Your task: Write out the data exactly from its first line onward, ending with the line in which "times in total." appears.

Stored dataset items:
┄┄┄┄┄┄┄┄┄┄┄┄┄┄┄┄┄┄┄┄

(* Let $k\geq 2$ be an even integer and let $G$ be an undirected graph whose degeneracy is $k$. Then $f(G)<\frac{k}{k+2}\,n(G)$.
   Context: All graphs are finite and simple. $n(G)$ is the number of vertices and $f(G)$ is the minimum size of a feedback vertex set of $G$ (a set $F\subseteq V(G)$ with $G-F$ acyclic). An ordering $\phi$ of $V(G)$ is a $k$-elimination ordering if each vertex has at most $k$ neighbours preceding it in $\phi$; the degeneracy of $G$ is the least $k$ such that $G$ has a $k$-elimination ordering. *)

From mathcomp Require Import all_boot.
Set Implicit Arguments. Unset Strict Implicit. Unset Printing Implicit Defensive.

Definition simple_graph (T : finType) (e : rel T) : Prop :=
  symmetric e /\ irreflexive e.

Definition is_cycle (T : finType) (e : rel T) (c : seq T) : bool :=
  [&& 3 <= size c, uniq c & cycle e c].

Definition is_fvs (T : finType) (e : rel T) (F : {set T}) : Prop :=
  forall c : seq T, is_cycle e c -> has (fun x => x \in F) c.

Definition elim_ordering (T : finType) (e : rel T) (k : nat) (phi : seq T) : Prop :=
  [/\ uniq phi, (forall x : T, x \in phi) &
      forall (s t : seq T) (x : T), phi = s ++ x :: t -> count (e x) s <= k].

Definition degeneracy_eq (T : finType) (e : rel T) (k : nat) : Prop :=
  (exists phi, elim_ordering e k phi) /\
  (forall j phi, elim_ordering e j phi -> k <= j).

Definition fvs_number_eq (T : finType) (e : rel T) (m : nat) : Prop :=
  (exists F : {set T}, is_fvs e F /\ #|F| = m) /\
  (forall F : {set T}, is_fvs e F -> m <= #|F|).

From mathcomp Require Import all_boot zify.
Set Implicit Arguments. Unset Strict Implicit. Unset Printing Implicit Defensive.

(* Fix a k-elimination ordering and r := k/2 + 1 classes. Going along the
   ordering, put each vertex into a class containing at most one of its earlier
   neighbours. A class in which every vertex has at most one earlier neighbour
   induces a forest, as the latest vertex of a cycle has two earlier neighbours
   on it. Such a class always exists: a vertex has at most k = 2r - 2 earlier
   neighbours, and the classes are disjoint except for the first vertex, which
   is put into two classes, so the classes meet these neighbours at most 2r - 1
   times in total. The classes then have total size n + 1, so one of them has
   more than n/r vertices, and its complement is a feedback vertex set of size
   less than n(r - 1)/r = kn/(k + 2); the doubled first vertex is what makes the
   bound strict. *)

Lemma uniq_cycle_nbrs (T : eqType) (e : rel T) (c : seq T) (x : T) :
  uniq c -> 3 <= size c -> cycle e c -> x \in c ->
  exists y z, [/\ e x y, e z x, y \in c, z \in c & uniq [:: x; y; z]].
Proof.
move=> uniq_c size_c cycle_c /rot_to[i q rot_c].
have mem_q y : y \in x :: q -> y \in c by rewrite -rot_c mem_rot.
move: uniq_c size_c cycle_c; rewrite -(rot_uniq i) -(size_rot i) -(rot_cycle i) rot_c.
case: q mem_q {rot_c} => [|y q] // mem_q; case/lastP: q mem_q => [|q z] // mem_q.
rewrite /= rcons_path last_rcons !inE !mem_rcons !inE !negb_or.
case/and3P=> /and3P[xy xz _] /andP[yz _] _ _ /and3P[exy _ ezx].
exists y, z; rewrite !inE negb_or xy xz yz; split=> //; apply: mem_q.
  by rewrite !inE eqxx orbT.
by rewrite !inE mem_rcons mem_head !orbT.
Qed.

Lemma exists_small_term (I : finType) (F : I -> nat) n :
  \sum_i F i < #|I| * n -> exists i, F i < n.
Proof.
move=> sum_lt; suff /existsP[i] : [exists i, F i < n] by exists i.
apply: contraLR sum_lt; rewrite negb_exists -leqNgt => /forallP F_ge.
have -> : #|I| * n = \sum_(i : I) n by rewrite sum_nat_const.
by apply: leq_sum => i _; rewrite leqNgt; exact: F_ge.
Qed.

Lemma exists_large_term (I : finType) (F : I -> nat) n :
  n < \sum_i F i -> exists i, n < F i * #|I|.
Proof.
move=> sum_gt; suff /existsP[i] : [exists i, n < F i * #|I|] by exists i.
have I_gt0 : 0 < #|I|.
  by rewrite lt0n; apply: contraTneq sum_gt => /card0_eq I0; rewrite big_pred0.
apply: contraLR sum_gt; rewrite negb_exists -leqNgt => /forallP F_le.
have : \sum_i F i * #|I| <= \sum_(i : I) n.
  by apply: leq_sum => i _; rewrite leqNgt; exact: F_le.
by rewrite -big_distrl /= sum_nat_const mulnC leq_pmul2l.
Qed.

Lemma card_setU1I (T : finType) (x : T) (A S : {set T}) :
  x \notin A -> #|(x |: A) :&: S| = (x \in S) + #|A :&: S|.
Proof. by move=> xA; rewrite (cardsD1 x) -setIDAC setU1K // !inE eqxx. Qed.

Lemma card_setID1 (T : finType) (x : T) (A S : {set T}) :
  x \notin A -> #|A :&: S| = #|A :&: (S :\ x)|.
Proof. by move=> xA; rewrite (cardsD1 x) inE (negbTE xA) setIDA. Qed.

Lemma sum_card_update (I T : finType) (A : I -> {set T}) i0 x (S : {set T}) :
  (forall i, x \notin A i) ->
  \sum_i #|(if i == i0 then x |: A i else A i) :&: S| =
    (x \in S) + \sum_i #|A i :&: S|.
Proof.
move=> xA; rewrite (bigD1 i0) //= [in RHS](bigD1 i0) //= eqxx card_setU1I // -!addnA.
by congr (_ + (_ + _)); apply: eq_bigr => i /negbTE->.
Qed.

Lemma sum_cardIT (I T : finType) (A : I -> {set T}) :
  \sum_i #|A i :&: setT| = \sum_i #|A i|.
Proof. by apply: eq_bigr => i _; rewrite setIT. Qed.

Section EarlierNeighbours.

Variables (T : finType) (e : rel T) (phi : seq T).

Definition earlier_nbrs (x : T) : {set T} :=
  [set y | e x y & index y phi < index x phi].

Definition ordered_forest (A : {set T}) : Prop :=
  forall x, x \in A -> #|A :&: earlier_nbrs x| <= 1.

Lemma card_earlier_nbrs k : elim_ordering e k phi -> forall x, #|earlier_nbrs x| <= k.
Proof.
case=> _ phi_full count_le x; set i := index x phi.
have phi_split : phi = take i phi ++ x :: drop i.+1 phi.
  by rewrite -{1}(cat_take_drop i phi) (drop_nth x) ?index_mem ?nth_index.
apply: leq_trans (count_le _ _ _ phi_split).
rewrite -size_filter; apply: leq_trans (card_size _).
apply/subset_leq_card/subsetP => y; rewrite !inE mem_filter in_take //.
Qed.

Lemma ordered_forest_setU1 A x :
  ordered_forest A -> {in A, forall y, index y phi < index x phi} ->
  #|A :&: earlier_nbrs x| <= 1 -> ordered_forest (x |: A).
Proof.
move=> forest_A earlier_A card_x y; rewrite !inE => /predU1P[->|yA].
  apply: leq_trans card_x; apply/subset_leq_card/subsetP => z.
  by rewrite !inE => /andP[/predU1P[->|->]]; rewrite ?ltnn ?andbF.
apply: leq_trans (forest_A y yA); apply/subset_leq_card/subsetP => z.
rewrite !inE => /andP[/predU1P[->|->]] // /andP[_].
by rewrite ltnNge ltnW ?earlier_A.
Qed.

Lemma ordered_forest_fvsC A :
  symmetric e -> (forall x, x \in phi) -> ordered_forest A -> is_fvs e (~: A).
Proof.
move=> sym_e phi_full forest_A c /and3P[size_c uniq_c cycle_c].
apply/hasPn => c_in_A; have {}c_in_A y : y \in c -> y \in A.
  by move=> /c_in_A; rewrite inE negbK.
case: c size_c uniq_c cycle_c c_in_A => // x0 c' size_c uniq_c cycle_c c_in_A.
have [x xc x_max] := arg_maxnP (fun y => index y phi) (mem_head x0 c').
have nbr_x y : y \in x0 :: c' -> y != x -> e x y -> y \in A :&: earlier_nbrs x.
  move=> yc yx exy; rewrite !inE c_in_A // exy ltn_neqAle (x_max y yc : _ <= _).
  by rewrite andbT; apply: contra yx => /eqP/index_inj->.
have [y [z [exy ezx yc zc]]] := uniq_cycle_nbrs uniq_c size_c cycle_c xc.
rewrite /= !inE !negb_or andbT => /andP[/andP[xy xz] yz].
have := forest_A x (c_in_A x xc); apply/negP; rewrite -ltnNge.
apply: leq_trans (_ : #|[set y; z]| <= _); first by rewrite cards2 yz.
apply/subset_leq_card/subsetP => w /set2P[]->; apply: nbr_x; rewrite 1?eq_sym //.
by rewrite sym_e.
Qed.

End EarlierNeighbours.

Section GreedyForestCover.

Variables (T : finType) (e : rel T) (phi : seq T) (I : finType) (k : nat).
Hypotheses (uniq_phi : uniq phi) (I_gt1 : 1 < #|I|) (k_le : k.+2 <= #|I|.*2).
Hypothesis earlier_nbrs_le : forall x, #|earlier_nbrs e phi x| <= k.

(* The classes [A i] are ordered forests within the first [p] vertices of [phi],
   pairwise disjoint up to a single vertex lying in two of them (this is what the
   bound on [S] encodes), and of total size at least [p + 1]. *)
Definition forest_cover (p : nat) (A : I -> {set T}) : Prop :=
  [/\ forall i, {in A i, forall y, index y phi < p},
      forall S : {set T}, \sum_i #|A i :&: S| <= #|S| + 1,
      forall i, ordered_forest e phi (A i)
    & p < \sum_i #|A i|].

Lemma forest_cover1 : 0 < size phi -> exists A, forest_cover 1 A.
Proof.
case phi_x: phi => [|x s] // _; have ix : index x phi = 0 by rewrite phi_x /= eqxx.
have [i0 [i1 [_ _ i01]]] := card_gt1P I_gt1.
pose A i := if i \in [set i0; i1] then [set x] else set0.
have sum_A S : \sum_i #|A i :&: S| = (x \in S).*2.
  pose xS : nat := x \in S.
  rewrite (eq_bigr (fun i => if i \in [set i0; i1] then xS else 0)); last first.
    move=> i _; rewrite /A; case: ifP => _; last by rewrite set0I cards0.
    by rewrite -[[set x]]setU0 card_setU1I ?inE // set0I cards0 addn0.
  by rewrite -big_mkcond sum_nat_const cards2 i01 mul2n.
exists A; split.
- by move=> i y; rewrite /A; case: ifP => _; rewrite inE // => /eqP->; rewrite ix.
- by move=> S; rewrite sum_A (cardsD1 x S); case: (x \in S) => /=; lia.
- move=> i y; rewrite /A; case: ifP => _; rewrite ?inE // => /eqP->.
  by rewrite (leq_trans (subset_leq_card (subsetIl _ _))) ?cards1.
- by rewrite -sum_cardIT sum_A inE.
Qed.

Lemma forest_coverS p A :
  p < size phi -> forest_cover p A -> exists A', forest_cover p.+1 A'.
Proof.
move=> lt_p [A_lt sum_A forest_A size_A].
have [x ix] : exists x, index x phi = p.
  case phi_x0: phi => [|x0 s]; first by rewrite phi_x0 in lt_p.
  by exists (nth x0 phi p); rewrite -phi_x0 index_uniq.
have x_new i : x \notin A i by apply/negP => /A_lt; rewrite ix ltnn.
have [i0 small_i0] : exists i0, #|A i0 :&: earlier_nbrs e phi x| < 2.
  apply: exists_small_term; apply: leq_ltn_trans (sum_A _) _.
  by move: (earlier_nbrs_le x) k_le; lia.
exists (fun i => if i == i0 then x |: A i else A i); split.
- move=> i y; case: eqP => _; last by move/A_lt/leqW.
  by rewrite !inE => /predU1P[->|/A_lt/leqW //]; rewrite ix.
- move=> S; rewrite sum_card_update // (eq_bigr _ (fun i _ => card_setID1 S (x_new i))).
  by have := sum_A (S :\ x); rewrite (cardsD1 x S); case: (x \in S) => /=; lia.
- move=> i; case: eqP => [->|_]; last exact: forest_A.
  by apply: ordered_forest_setU1 => // y /A_lt; rewrite ix.
- by rewrite -sum_cardIT sum_card_update // sum_cardIT in_setT.
Qed.

Lemma exists_forest_cover : 0 < size phi -> exists A, forest_cover (size phi) A.
Proof.
suff cover p : 0 < p <= size phi -> exists A, forest_cover p A.
  by move=> phi_gt0; apply: cover; rewrite phi_gt0 leqnn.
elim: p => [//|[|p] IH] /andP[_ le_p]; first exact: forest_cover1.
by have [A coverA] := IH (ltnW le_p); exact: forest_coverS coverA.
Qed.

End GreedyForestCover.

Theorem mainTheorem2 (T : finType) (e : rel T) (k : nat) :
  simple_graph e -> 2 <= k -> ~~ odd k -> degeneracy_eq e k ->
  forall m : nat, fvs_number_eq e m -> m * (k + 2) < k * #|T|.
Proof.
move=> [sym_e _] k_ge2 k_even [[phi ord_phi] min_k] m [_ min_fvs].
have [uniq_phi phi_full _] := ord_phi.
have card_T : #|T| = size phi.
  by rewrite -(card_uniqP uniq_phi); apply: eq_card => x; rewrite phi_full.
have phi_gt0 : 0 < size phi.
  rewrite lt0n size_eq0; apply: contraTneq k_ge2 => phi_nil.
  have /min_k : elim_ordering e 0 phi by split=> // s t x; rewrite phi_nil; case: s.
  by rewrite leqn0 => /eqP->.
have k_half : k = (k./2).*2 by rewrite -[k in LHS]odd_double_half (negbTE k_even).
have card_classes_gt1 : 1 < #|'I_(k./2).+1| by rewrite card_ord ltnS half_gt0.
have k_le : k.+2 <= #|'I_(k./2).+1|.*2 by rewrite card_ord doubleS -k_half.
have [A [_ _ forest_A size_A]] :=
  exists_forest_cover uniq_phi card_classes_gt1 k_le (card_earlier_nbrs ord_phi) phi_gt0.
have [i big_Ai] := exists_large_term size_A.
have := min_fvs _ (ordered_forest_fvsC sym_e phi_full (forest_A i)).
rewrite [#|~: _|]cardsCs setCK; have := max_card (A i).
rewrite card_ord card_T in big_Ai *; rewrite k_half; nia.
Qed.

┄┄┄┄┄┄┄┄┄┄┄┄┄┄┄┄┄┄┄┄

Expected output:
(* Let $k\geq 2$ be an even integer and let $G$ be an undirected graph whose degeneracy is $k$. Then $f(G)<\frac{k}{k+2}\,n(G)$.
   Context: All graphs are finite and simple. $n(G)$ is the number of vertices and $f(G)$ is the minimum size of a feedback vertex set of $G$ (a set $F\subseteq V(G)$ with $G-F$ acyclic). An ordering $\phi$ of $V(G)$ is a $k$-elimination ordering if each vertex has at most $k$ neighbours preceding it in $\phi$; the degeneracy of $G$ is the least $k$ such that $G$ has a $k$-elimination ordering. *)

From mathcomp Require Import all_boot.
Set Implicit Arguments. Unset Strict Implicit. Unset Printing Implicit Defensive.

Definition simple_graph (T : finType) (e : rel T) : Prop :=
  symmetric e /\ irreflexive e.

Definition is_cycle (T : finType) (e : rel T) (c : seq T) : bool :=
  [&& 3 <= size c, uniq c & cycle e c].

Definition is_fvs (T : finType) (e : rel T) (F : {set T}) : Prop :=
  forall c : seq T, is_cycle e c -> has (fun x => x \in F) c.

Definition elim_ordering (T : finType) (e : rel T) (k : nat) (phi : seq T) : Prop :=
  [/\ uniq phi, (forall x : T, x \in phi) &
      forall (s t : seq T) (x : T), phi = s ++ x :: t -> count (e x) s <= k].

Definition degeneracy_eq (T : finType) (e : rel T) (k : nat) : Prop :=
  (exists phi, elim_ordering e k phi) /\
  (forall j phi, elim_ordering e j phi -> k <= j).

Definition fvs_number_eq (T : finType) (e : rel T) (m : nat) : Prop :=
  (exists F : {set T}, is_fvs e F /\ #|F| = m) /\
  (forall F : {set T}, is_fvs e F -> m <= #|F|).

From mathcomp Require Import all_boot zify.
Set Implicit Arguments. Unset Strict Implicit. Unset Printing Implicit Defensive.

(* Fix a k-elimination ordering and r := k/2 + 1 classes. Going along the
   ordering, put each vertex into a class containing at most one of its earlier
   neighbours. A class in which every vertex has at most one earlier neighbour
   induces a forest, as the latest vertex of a cycle has two earlier neighbours
   on it. Such a class always exists: a vertex has at most k = 2r - 2 earlier
   neighbours, and the classes are disjoint except for the first vertex, which
   is put into two classes, so the classes meet these neighbours at most 2r - 1
   times in total. The classes then have total size n + 1, so one of them has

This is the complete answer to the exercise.